In Objective-C we can use NSSet which is a class created exactly for this problem.
NSArray *input = @[... array of numbers];
NSMutableSet *foundNumbers = [NSMutableSet set];
NSMutableArray *output = [NSMutableArray array];
for (NSNumber *number in input) {
if (![foundNumbers containsObject:number])) {
[foundNumbers addObject:number];
[output addObject:number];
}
}
NSLog(@"Output: %@", output);
You need only one pass of the input array. The only way you could improve performance is using a different structure than NSSet, however NSSet is already highly optimized and it's unlikely you will find a better option.
If you want to think out of the box and the numbers in your input are limited to a small enough range (e.g. 0...65000), you can create a BOOL array with 65000 items, all initialized to NO and use that as a fast set implementation.
However, that will take a lot of memory and it won't pay off unless the input array is very long.
Definitely don't implement your own hash tables, NSDictionary is already a hash table.
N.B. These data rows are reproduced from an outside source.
(* [is_expansion F c K] encodes [F u = c 0 + c 1 u + ... + c K u^K + o(u^K)] as [u -> 0+]
   one coefficient at a time: [F -> c 0], then [(F u - c 0) / u] has expansion [shift c]. *)
Fixpoint is_expansion (F : R -> R) (c : nat -> R) (K : nat) : Prop :=
  match K with
  | O => lim0 F (c O)
  | S K' => lim0 F (c O) /\ is_expansion (fun u => (F u - c O) / u) (shift c) K'
  end.

Lemma is_expansion_lim F c K : is_expansion F c K -> lim0 F (c O).
Proof. destruct K; simpl; tauto. Qed.

Lemma is_expansion_ext K F G c e :
  at_right 0 (fun u => F u = G u) -> (forall j, (j <= K)%nat -> c j = e j) ->
  is_expansion F c K -> is_expansion G e K.
Proof.
  revert F G c e. induction K; simpl; intros F G c e HFG Hce H.
  - rewrite <- Hce by lia. exact (filterlim_ext_loc _ _ HFG H).
  - destruct H as [H0 H1]. rewrite <- Hce by lia. split.
    + exact (filterlim_ext_loc _ _ HFG H0).
    + eapply IHK; [| | exact H1].
      * revert HFG. apply filter_imp. intros u E. rewrite E. reflexivity.
      * intros j Hj. apply Hce. lia.
Qed.

Lemma is_expansion_ext_pos K F G c e :
  (forall u, 0 < u -> F u = G u) -> (forall j, (j <= K)%nat -> c j = e j) ->
  is_expansion F c K -> is_expansion G e K.
Proof. intros HFG. apply is_expansion_ext, at_right_0_of_pos, HFG. Qed.

Lemma is_expansion_le K K' F c : (K <= K')%nat -> is_expansion F c K' -> is_expansion F c K.
Proof.
  intros Hle. revert K Hle F c. induction K'; intros K Hle F c H.
  - replace K with O by lia. exact H.
  - destruct K; [exact (proj1 H)|]. split; [exact (proj1 H)|]. apply IHK'; [lia | exact (proj2 H)].
Qed.

Lemma is_expansion_unique K F c e : is_expansion F c K -> is_expansion F e K ->
  forall j, (j <= K)%nat -> c j = e j.
Proof.
  revert F c e. induction K; simpl; intros F c e Hc He j Hj.
  - replace j with O by lia. exact (lim0_unique _ _ _ Hc He).
  - destruct Hc as [Hc0 Hc1], He as [He0 He1].
    assert (E0 : c O = e O) by exact (lim0_unique _ _ _ Hc0 He0).
    destruct j; [exact E0|]. rewrite E0 in Hc1. apply (IHK _ _ _ Hc1 He1). lia.
Qed.

Lemma is_expansion_zero K : is_expansion (fun _ => 0) (fun _ => 0) K.
Proof.
  induction K; simpl; [apply lim0_const|]. split; [apply lim0_const|].
  eapply is_expansion_ext_pos; [| | exact IHK]; intros; unfold Rdiv, shift; ring.
Qed.

Lemma is_expansion_const K k : is_expansion (fun _ => k) (fun j => k * delta j) K.
Proof.
  destruct K; simpl; rewrite Rmult_1_r; [apply lim0_const|]. split; [apply lim0_const|].
  eapply is_expansion_ext_pos; [| | exact (is_expansion_zero K)];
    intros; unfold Rdiv, shift; simpl; ring.
Qed.

Lemma is_expansion_plus K F G c e : is_expansion F c K -> is_expansion G e K ->
  is_expansion (fun u => F u + G u) (fun j => c j + e j) K.
Proof.
  revert F G c e. induction K; simpl; intros F G c e HF HG; [apply lim0_plus; assumption|].
  destruct HF as [HF0 HF1], HG as [HG0 HG1]. split; [apply lim0_plus; assumption|].
  eapply is_expansion_ext_pos; [| | exact (IHK _ _ _ _ HF1 HG1)].
  - intros u Hu. cbv beta. field. lra.
  - reflexivity.
Qed.

Lemma is_expansion_scal K k F c : is_expansion F c K ->
  is_expansion (fun u => k * F u) (fun j => k * c j) K.
Proof.
  revert F c. induction K; simpl; intros F c HF; [apply lim0_scal; assumption|].
  destruct HF as [HF0 HF1]. split; [apply lim0_scal; assumption|].
  eapply is_expansion_ext_pos; [| | exact (IHK _ _ HF1)].
  - intros u Hu. cbv beta. field. lra.
  - reflexivity.
Qed.

Lemma is_expansion_sum K N Fs cs : (forall n, (n < N)%nat -> is_expansion (Fs n) (cs n) K) ->
  is_expansion (fun u => sumR N (fun n => Fs n u)) (fun j => sumR N (fun n => cs n j)) K.
Proof.
  induction N; intros H; [apply is_expansion_zero|].
  apply is_expansion_plus; [apply IHN; intros; apply H|apply H]; lia.
Qed.

Lemma is_expansion_mul_zpow p K F c : is_expansion F c K ->
  is_expansion (fun u => u ^ p * F u) (mul_zpow p c) (p + K).
Proof.
  intros H. induction p; simpl.
  - eapply is_expansion_ext_pos; [| | exact H]; [intros; ring|].
    intros j _. unfold mul_zpow. simpl. rewrite Nat.sub_0_r. reflexivity.
  - split.
    + unfold mul_zpow; simpl. rewrite <- (Rmult_0_l (mul_zpow p c O)).
      apply (filterlim_ext (fun u => u * (u ^ p * F u))); [intros; ring|].
      exact (lim0_mult _ _ _ _ lim0_id (is_expansion_lim _ _ _ IHp)).
    + eapply is_expansion_ext_pos; [| | exact IHp]; [|reflexivity].
      intros u Hu. unfold mul_zpow. cbv beta. simpl. field. lra.
Qed.

Lemma is_expansion_small K F : lim0 F 0 -> is_expansion (fun u => u ^ K * F u) (fun _ => 0) K.
Proof.
  intros H. apply (is_expansion_le K (K + 0)); [lia|].
  eapply is_expansion_ext_pos; [| | exact (is_expansion_mul_zpow K 0 F (fun _ => 0) H)]; [reflexivity|].
  intros j _. unfold mul_zpow. destruct (K <=? j)%nat; reflexivity.
Qed.

Lemma is_expansion_mult K F G c e : is_expansion F c K -> is_expansion G e K ->
  is_expansion (fun u => F u * G u) (conv c e) K.
Proof.
  revert F G c e. induction K; simpl; intros F G c e HF HG.
  - rewrite conv_0. apply lim0_mult; assumption.
  - destruct HF as [HF0 HF1], HG as [HG0 HG1]. rewrite conv_0. split; [apply lim0_mult; assumption|].
    assert (HG' : is_expansion G e K) by (apply (is_expansion_le K (S K)); [lia | split; assumption]).
    eapply is_expansion_ext_pos;
      [| | exact (is_expansion_plus _ _ _ _ _
             (IHK _ _ _ _ HF1 HG') (is_expansion_scal _ (c O) _ _ HG1))].
    + intros u Hu. cbv beta. field. lra.
    + intros j _. unfold shift at 3. rewrite conv_S. unfold shift. ring.
Qed.

Lemma is_expansion_minus K F G c e : is_expansion F c K -> is_expansion G e K ->
  is_expansion (fun u => F u - G u) (fun j => c j - e j) K.
Proof.
  intros HF HG. eapply is_expansion_ext_pos;
    [| | exact (is_expansion_plus _ _ _ _ _ HF (is_expansion_scal _ (-1) _ _ HG))];
    intros; cbv beta; ring.
Qed.

Lemma is_expansion_one K : is_expansion (fun _ => 1) delta K.
Proof. eapply is_expansion_ext_pos; [| | exact (is_expansion_const K 1)]; intros; cbv beta; ring. Qed.

Lemma is_expansion_id K : is_expansion (fun u => u) (mul_zpow 1 delta) K.
Proof.
  apply (is_expansion_le K (1 + K)); [lia|].
  eapply is_expansion_ext_pos; [| | exact (is_expansion_mul_zpow 1 K _ _ (is_expansion_one K))];
    intros; simpl; ring.
Qed.

Lemma is_expansion_inv K F c : 0 < c O -> is_expansion F c K ->
  is_expansion (fun u => / F u) (fun n => P n (-1) c) K.
Proof.
  intros Hc. set (q := fun n => P n (-1) c).
  assert (Hq : forall n, conv c q n = delta n) by (intros; unfold q; rewrite conv_P_opp_one; auto).
  assert (Hq0 : q O = / c O)
    by (specialize (Hq O); rewrite conv_0 in Hq; simpl in Hq; field_simplify_eq; lra).
  induction K; intros HF.
  - simpl. rewrite Hq0. apply lim0_inv; [exact HF | lra].
  - assert (IH := IHK (is_expansion_le K (S K) _ _ (Nat.le_succ_diag_r K) HF)).
    destruct HF as [HF0 HF1]. split; [rewrite Hq0; apply lim0_inv; [exact HF0 | lra]|].
    eapply is_expansion_ext;
      [| | exact (is_expansion_scal _ (- q O) _ _ (is_expansion_mult _ _ _ _ _ HF1 IH))].
    + generalize (filter_and _ _ (at_right_0_of_pos _ (fun u Hu => Hu))
        (lim0_eventually_pos _ _ HF0 Hc)).
      apply filter_imp. intros u [Hu HFu]. cbv beta. rewrite Hq0. field. lra.
    + intros j _. specialize (Hq (S j)). rewrite conv_S in Hq. change (delta (S j)) with 0 in Hq.
      cbv beta. rewrite Hq0. replace (conv (shift c) q j) with (- (c O * q (S j))) by lra. unfold shift.
      field. lra.
Qed.

Lemma is_expansion_pow K F c r m : 0 < c O -> is_expansion F (fun n => P n r c) K ->
  is_expansion (fun u => F u ^ m) (fun n => P n (INR m * r) c) K.
Proof.
  intros Hc HF. induction m.
  - rewrite Rmult_0_l, P_zero_exponent by exact Hc.
    eapply is_expansion_ext_pos; [| | exact (is_expansion_one K)]; reflexivity.
  - replace (INR (S m) * r) with (INR m * r + r) by (rewrite S_INR; ring).
    rewrite P_add by exact Hc.
    eapply is_expansion_ext_pos; [| | exact (is_expansion_mult _ _ _ _ _ IHm HF)]; intros; simpl; ring.
Qed.

(** * Composition with an even expansion *)

Definition cross_pow (x y : nat -> R) (n : nat) : nat -> R :=
  conv (fun k => P k (2 * INR n) x) (fun k => P k (- 2 * INR n + 1) y).

(* [H w^(2n)] for [w = u G / H]: the [n]-th term of [H f(u G / H)] *)
Lemma is_expansion_comp_term K n G H gam eta : 0 < gam O -> 0 < eta O ->
  is_expansion G gam K -> is_expansion H eta K ->
  is_expansion (fun u => u ^ (2 * n) * (G u ^ (2 * n) * (H u * (/ H u) ^ (2 * n))))
    (mul_zpow (2 * n) (cross_pow gam eta n)) K.
Proof.
  intros Hg He HG HH. unfold cross_pow.
  apply (is_expansion_le K (2 * n + K)); [lia|]. apply is_expansion_mul_zpow.
  replace (- 2 * INR n + 1) with (1 + INR (2 * n) * -1) by (rewrite mult_INR; simpl; ring).
  replace (2 * INR n) with (INR (2 * n) * 1) by (rewrite mult_INR; simpl; ring).
  rewrite P_add, P_one_exponent by exact He.
  apply is_expansion_mult; [|apply is_expansion_mult; [exact HH|]].
  - apply is_expansion_pow; [exact Hg|]. rewrite P_one_exponent by exact Hg. exact HG.
  - apply is_expansion_pow; [exact He|]. apply is_expansion_inv; assumption.
Qed.

Definition even_remainder (f : R -> R) (a : nat -> R) (N : nat) (w : R) : R :=
  (f w - sumR (S N) (fun n => a n * w ^ (2 * n))) / w ^ (2 * N).

Definition has_even_expansion (f : R -> R) (a : nat -> R) : Prop :=
  forall N, lim0 (even_remainder f a N) 0.

Lemma is_expansion_comp_remainder f a lam G H gam eta K :
  has_even_expansion f a -> 0 < gam O -> 0 < eta O -> lim0 G (gam O) -> lim0 H (eta O) ->
  is_expansion (fun u => u ^ (2 * K) *
    (lam * H u * (G u / H u) ^ (2 * K) * even_remainder f a K (u * (G u / H u)))) (fun _ => 0) K.
Proof.
  intros Hf Hg He LG LH.
  assert (LGH : lim0 (fun u => G u / H u) (gam O / eta O))
    by (apply lim0_mult; [exact LG | apply lim0_inv; [exact LH | lra]]).
  assert (Pos : at_right 0 (fun u => 0 < u * (G u / H u))).
  { generalize (filter_and _ _ (at_right_0_of_pos _ (fun u Hu => Hu))
      (filter_and _ _ (lim0_eventually_pos _ _ LG Hg) (lim0_eventually_pos _ _ LH He))).
    apply filter_imp. intros u [Hu [HGu HHu]].
    apply Rmult_lt_0_compat; [exact Hu | apply Rdiv_lt_0_compat; assumption]. }
  apply (is_expansion_le K (2 * K)); [lia|]. apply is_expansion_small.
  rewrite <- (Rmult_0_r (lam * eta O * (gam O / eta O) ^ (2 * K))).
  apply lim0_mult; [apply lim0_mult; [apply lim0_scal, LH | apply lim0_pow, LGH]|].
  apply lim0_comp; [apply Hf | | exact Pos].
  rewrite <- (Rmult_0_l (gam O / eta O)). exact (lim0_mult _ _ _ _ lim0_id LGH).
Qed.

Definition comp_coef (a : nat -> R) (lam : R) (gam eta : nat -> R) (j : nat) : R :=
  lam * sumR (S j) (fun n => a n * mul_zpow (2 * n) (cross_pow gam eta n) j).

Lemma is_expansion_comp f a lam G H gam eta K :
  has_even_expansion f a -> 0 < gam O -> 0 < eta O ->
  is_expansion G gam K -> is_expansion H eta K ->
  is_expansion (fun u => lam * H u * f (u * G u / H u)) (comp_coef a lam gam eta) K.
Proof.
  intros Hf Hg He HG HH.
  assert (LG := is_expansion_lim _ _ _ HG). assert (LH := is_expansion_lim _ _ _ HH).
  assert (Pos : at_right 0 (fun u => 0 < u /\ 0 < G u /\ 0 < H u))
    by (repeat apply filter_and; [apply at_right_0_of_pos; auto
      | apply (lim0_eventually_pos _ _ LG Hg) | apply (lim0_eventually_pos _ _ LH He)]).
  eapply is_expansion_ext; [| | exact (is_expansion_plus _ _ _ _ _
    (is_expansion_sum K (S K) _ _ (fun n _ =>
      is_expansion_scal _ (lam * a n) _ _ (is_expansion_comp_term K n G H gam eta Hg He HG HH)))
    (is_expansion_comp_remainder f a lam G H gam eta K Hf Hg He LG LH))].
  - revert Pos. apply filter_imp. intros u [Hu [HGu HHu]]. cbv beta.
    set (w := u * (G u / H u)). replace (u * G u / H u) with w by (unfold w, Rdiv; ring).
    assert (Hw : 0 < w) by (apply Rmult_lt_0_compat; [exact Hu | apply Rdiv_lt_0_compat; assumption]).
    replace (f w) with (sumR (S K) (fun n => a n * w ^ (2 * n)) + w ^ (2 * K) * even_remainder f a K w)
      by (unfold even_remainder; field; apply pow_nonzero; lra).
    rewrite Rmult_plus_distr_l, <- sumR_scal_l. f_equal.
    + apply sumR_ext; intros n. unfold w, Rdiv. rewrite !Rpow_mult_distr, pow_inv. ring.
    + unfold w, Rdiv. rewrite !Rpow_mult_distr. ring.
  - intros j Hj. cbv beta. rewrite Rplus_0_r. unfold comp_coef. rewrite <- sumR_scal_l.
    rewrite (sumR_zero_tail (S j) (S K)); [apply sumR_ext; intros; ring | lia |].
    intros n Hn. unfold mul_zpow. destruct (Nat.leb_spec (2 * n) j); [lia | ring].
Qed.

Lemma mul_zpow_subst_opp p c j : mul_zpow (2 * p) (subst_opp c) j = (-1) ^ j * mul_zpow (2 * p) c j.
Proof.
  unfold mul_zpow, subst_opp. destruct (Nat.leb_spec (2 * p) j); [|ring].
  replace ((-1) ^ j) with ((-1) ^ (j - 2 * p) * (-1) ^ (2 * p)) by (rewrite <- pow_add; f_equal; lia).
  rewrite pow_1_even. ring.
Qed.

Lemma comp_coef_subst_opp a lam g h : 0 < g O -> 0 < h O ->
  comp_coef a lam (subst_opp g) (subst_opp h) = subst_opp (comp_coef a lam g h).
Proof.
  intros Hg Hh. apply functional_extensionality; intros j. unfold comp_coef, subst_opp at 3.
  rewrite <- Rmult_assoc, (Rmult_comm _ lam), Rmult_assoc. f_equal. rewrite <- sumR_scal_l.
  apply sumR_ext; intros n.
  unfold cross_pow.
  rewrite P_subst_opp, (P_subst_opp h), conv_subst_opp, mul_zpow_subst_opp by assumption. ring.
Qed.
What you are doing in your second implementation is just a very obfuscated reimplementation of NSDictionary. Buckets work only when you can keep them as a simple array. Once you add hash function to it, you are losing the performance gain.
Also note that the overall quality of code is very important for interviews. Don't use #define to declare a constant. Keep a good coding style (I would strongly advice to use spaces around operators). Use iterators instead of for(;;) Try to name your variables better than hashDict (name your variables for the data they contain).
Now a little secret, there is also a class NSOrderedSet which combines NSArray and NSSet into one object and can solve your problem even easier:
NSOrderedSet *orderedSet = [NSOrderedSet orderedSetWithArray:ints];
NSLog(@"Output: %@", orderedSet);